GIVEN RECORDS:
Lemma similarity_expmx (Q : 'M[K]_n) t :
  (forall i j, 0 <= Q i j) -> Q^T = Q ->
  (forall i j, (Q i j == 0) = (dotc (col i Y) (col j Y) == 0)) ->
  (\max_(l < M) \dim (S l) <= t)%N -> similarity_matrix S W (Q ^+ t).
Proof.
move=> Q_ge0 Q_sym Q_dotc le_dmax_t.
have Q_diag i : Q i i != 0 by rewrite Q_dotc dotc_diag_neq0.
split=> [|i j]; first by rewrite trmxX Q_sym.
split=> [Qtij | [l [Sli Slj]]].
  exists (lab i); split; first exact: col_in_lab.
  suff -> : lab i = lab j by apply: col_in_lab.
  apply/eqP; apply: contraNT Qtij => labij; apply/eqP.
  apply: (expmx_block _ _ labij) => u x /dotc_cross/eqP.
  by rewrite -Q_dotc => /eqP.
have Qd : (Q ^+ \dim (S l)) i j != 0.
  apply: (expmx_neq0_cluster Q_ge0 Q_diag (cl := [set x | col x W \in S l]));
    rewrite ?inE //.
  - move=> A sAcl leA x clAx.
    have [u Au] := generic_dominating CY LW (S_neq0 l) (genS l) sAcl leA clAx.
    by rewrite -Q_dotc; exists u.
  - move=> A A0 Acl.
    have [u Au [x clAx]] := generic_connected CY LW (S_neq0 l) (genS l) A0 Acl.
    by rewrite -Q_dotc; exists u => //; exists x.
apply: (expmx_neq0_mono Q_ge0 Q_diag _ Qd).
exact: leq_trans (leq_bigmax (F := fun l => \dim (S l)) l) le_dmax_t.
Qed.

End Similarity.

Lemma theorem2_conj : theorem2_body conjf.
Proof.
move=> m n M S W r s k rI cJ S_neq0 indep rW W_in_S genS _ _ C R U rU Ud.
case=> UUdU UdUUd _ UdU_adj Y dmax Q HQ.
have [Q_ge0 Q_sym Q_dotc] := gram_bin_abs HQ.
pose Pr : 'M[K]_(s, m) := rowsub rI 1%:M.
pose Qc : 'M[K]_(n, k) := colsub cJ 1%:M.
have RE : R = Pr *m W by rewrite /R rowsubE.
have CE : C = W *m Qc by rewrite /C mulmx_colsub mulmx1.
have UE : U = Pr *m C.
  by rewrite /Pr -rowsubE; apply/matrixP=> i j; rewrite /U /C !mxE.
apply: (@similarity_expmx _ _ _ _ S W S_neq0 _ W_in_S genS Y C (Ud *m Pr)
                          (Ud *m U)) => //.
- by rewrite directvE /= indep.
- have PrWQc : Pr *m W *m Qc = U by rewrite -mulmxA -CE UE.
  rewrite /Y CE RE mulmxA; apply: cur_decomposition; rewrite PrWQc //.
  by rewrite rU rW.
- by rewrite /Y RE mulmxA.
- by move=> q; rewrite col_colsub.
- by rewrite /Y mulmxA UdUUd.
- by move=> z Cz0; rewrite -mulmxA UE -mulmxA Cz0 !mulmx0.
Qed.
==
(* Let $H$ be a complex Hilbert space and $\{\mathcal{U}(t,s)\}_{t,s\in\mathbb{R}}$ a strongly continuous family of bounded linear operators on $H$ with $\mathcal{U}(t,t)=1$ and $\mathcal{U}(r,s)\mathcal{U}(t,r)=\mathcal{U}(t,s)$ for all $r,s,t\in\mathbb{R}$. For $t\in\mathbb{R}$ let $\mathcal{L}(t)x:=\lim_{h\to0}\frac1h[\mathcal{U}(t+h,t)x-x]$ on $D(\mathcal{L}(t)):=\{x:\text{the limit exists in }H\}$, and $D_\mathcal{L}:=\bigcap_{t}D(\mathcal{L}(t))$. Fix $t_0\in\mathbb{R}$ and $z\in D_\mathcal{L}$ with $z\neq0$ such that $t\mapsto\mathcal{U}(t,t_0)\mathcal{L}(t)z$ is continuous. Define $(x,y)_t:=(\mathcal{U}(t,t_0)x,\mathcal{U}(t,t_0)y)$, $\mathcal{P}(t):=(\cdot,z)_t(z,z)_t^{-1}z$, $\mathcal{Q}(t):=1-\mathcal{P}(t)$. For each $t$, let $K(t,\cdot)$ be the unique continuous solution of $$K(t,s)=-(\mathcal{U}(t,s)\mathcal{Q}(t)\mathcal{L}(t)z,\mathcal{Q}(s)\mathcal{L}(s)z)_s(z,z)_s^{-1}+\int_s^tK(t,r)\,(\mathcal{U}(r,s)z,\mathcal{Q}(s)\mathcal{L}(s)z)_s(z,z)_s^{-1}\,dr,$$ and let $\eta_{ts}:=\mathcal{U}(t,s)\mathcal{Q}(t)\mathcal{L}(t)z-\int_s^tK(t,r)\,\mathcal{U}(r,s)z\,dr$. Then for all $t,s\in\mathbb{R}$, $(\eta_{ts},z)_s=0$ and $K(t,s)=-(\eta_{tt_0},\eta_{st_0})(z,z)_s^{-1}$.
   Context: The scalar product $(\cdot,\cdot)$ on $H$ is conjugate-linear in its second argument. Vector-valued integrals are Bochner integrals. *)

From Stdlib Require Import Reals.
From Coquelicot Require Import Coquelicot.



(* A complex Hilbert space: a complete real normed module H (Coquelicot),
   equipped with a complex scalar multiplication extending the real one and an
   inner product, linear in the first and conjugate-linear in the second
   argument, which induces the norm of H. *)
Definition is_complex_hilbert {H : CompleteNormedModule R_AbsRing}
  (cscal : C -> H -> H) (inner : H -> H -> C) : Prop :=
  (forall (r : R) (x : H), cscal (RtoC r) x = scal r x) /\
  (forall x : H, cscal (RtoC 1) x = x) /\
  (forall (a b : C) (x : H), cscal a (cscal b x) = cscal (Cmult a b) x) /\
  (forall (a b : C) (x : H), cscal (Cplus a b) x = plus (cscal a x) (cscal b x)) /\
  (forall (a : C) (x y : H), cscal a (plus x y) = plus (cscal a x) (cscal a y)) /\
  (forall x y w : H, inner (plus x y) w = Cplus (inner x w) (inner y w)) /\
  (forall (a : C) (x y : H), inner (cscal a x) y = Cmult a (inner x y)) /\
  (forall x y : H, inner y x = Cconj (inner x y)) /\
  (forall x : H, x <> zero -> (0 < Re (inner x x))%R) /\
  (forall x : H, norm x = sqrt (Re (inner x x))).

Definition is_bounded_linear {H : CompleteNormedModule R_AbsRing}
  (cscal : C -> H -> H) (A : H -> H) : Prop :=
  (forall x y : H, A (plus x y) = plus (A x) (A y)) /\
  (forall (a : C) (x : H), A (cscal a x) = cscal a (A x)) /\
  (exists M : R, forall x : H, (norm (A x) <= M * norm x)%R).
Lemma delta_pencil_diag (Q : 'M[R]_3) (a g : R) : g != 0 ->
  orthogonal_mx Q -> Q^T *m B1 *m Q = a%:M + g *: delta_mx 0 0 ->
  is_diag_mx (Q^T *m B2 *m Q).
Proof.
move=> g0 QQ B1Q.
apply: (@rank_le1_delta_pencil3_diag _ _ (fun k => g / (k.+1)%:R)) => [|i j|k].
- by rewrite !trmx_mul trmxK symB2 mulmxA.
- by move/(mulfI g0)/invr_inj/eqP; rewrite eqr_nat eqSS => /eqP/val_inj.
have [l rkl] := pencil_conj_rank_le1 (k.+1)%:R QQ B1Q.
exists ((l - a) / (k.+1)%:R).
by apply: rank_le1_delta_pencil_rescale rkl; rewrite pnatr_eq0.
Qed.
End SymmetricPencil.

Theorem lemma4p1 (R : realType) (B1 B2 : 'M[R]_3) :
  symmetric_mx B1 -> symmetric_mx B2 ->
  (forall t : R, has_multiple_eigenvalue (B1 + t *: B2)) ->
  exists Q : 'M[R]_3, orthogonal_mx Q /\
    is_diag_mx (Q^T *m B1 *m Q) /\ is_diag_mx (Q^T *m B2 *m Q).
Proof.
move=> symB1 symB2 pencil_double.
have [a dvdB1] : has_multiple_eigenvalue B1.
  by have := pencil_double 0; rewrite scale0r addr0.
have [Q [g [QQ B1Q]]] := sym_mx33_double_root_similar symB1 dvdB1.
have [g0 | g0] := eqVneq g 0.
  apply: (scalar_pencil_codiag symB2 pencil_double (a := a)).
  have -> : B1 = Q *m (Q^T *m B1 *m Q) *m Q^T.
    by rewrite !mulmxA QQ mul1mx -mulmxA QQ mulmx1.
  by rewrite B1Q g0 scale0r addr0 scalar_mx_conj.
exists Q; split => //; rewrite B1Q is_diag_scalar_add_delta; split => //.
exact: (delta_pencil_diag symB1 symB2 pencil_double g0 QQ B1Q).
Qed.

TASK INSTRUCTIONS: Once you find the line with "Lemma similarity_expmx (Q" above, print it and every line after it up to and including the line with "- move=> A A0 Acl.", exactly as written and nothing else.

SOLUTION FOR THIS EXERCISE:
Lemma similarity_expmx (Q : 'M[K]_n) t :
  (forall i j, 0 <= Q i j) -> Q^T = Q ->
  (forall i j, (Q i j == 0) = (dotc (col i Y) (col j Y) == 0)) ->
  (\max_(l < M) \dim (S l) <= t)%N -> similarity_matrix S W (Q ^+ t).
Proof.
move=> Q_ge0 Q_sym Q_dotc le_dmax_t.
have Q_diag i : Q i i != 0 by rewrite Q_dotc dotc_diag_neq0.
split=> [|i j]; first by rewrite trmxX Q_sym.
split=> [Qtij | [l [Sli Slj]]].
  exists (lab i); split; first exact: col_in_lab.
  suff -> : lab i = lab j by apply: col_in_lab.
  apply/eqP; apply: contraNT Qtij => labij; apply/eqP.
  apply: (expmx_block _ _ labij) => u x /dotc_cross/eqP.
  by rewrite -Q_dotc => /eqP.
have Qd : (Q ^+ \dim (S l)) i j != 0.
  apply: (expmx_neq0_cluster Q_ge0 Q_diag (cl := [set x | col x W \in S l]));
    rewrite ?inE //.
  - move=> A sAcl leA x clAx.
    have [u Au] := generic_dominating CY LW (S_neq0 l) (genS l) sAcl leA clAx.
    by rewrite -Q_dotc; exists u.
  - move=> A A0 Acl.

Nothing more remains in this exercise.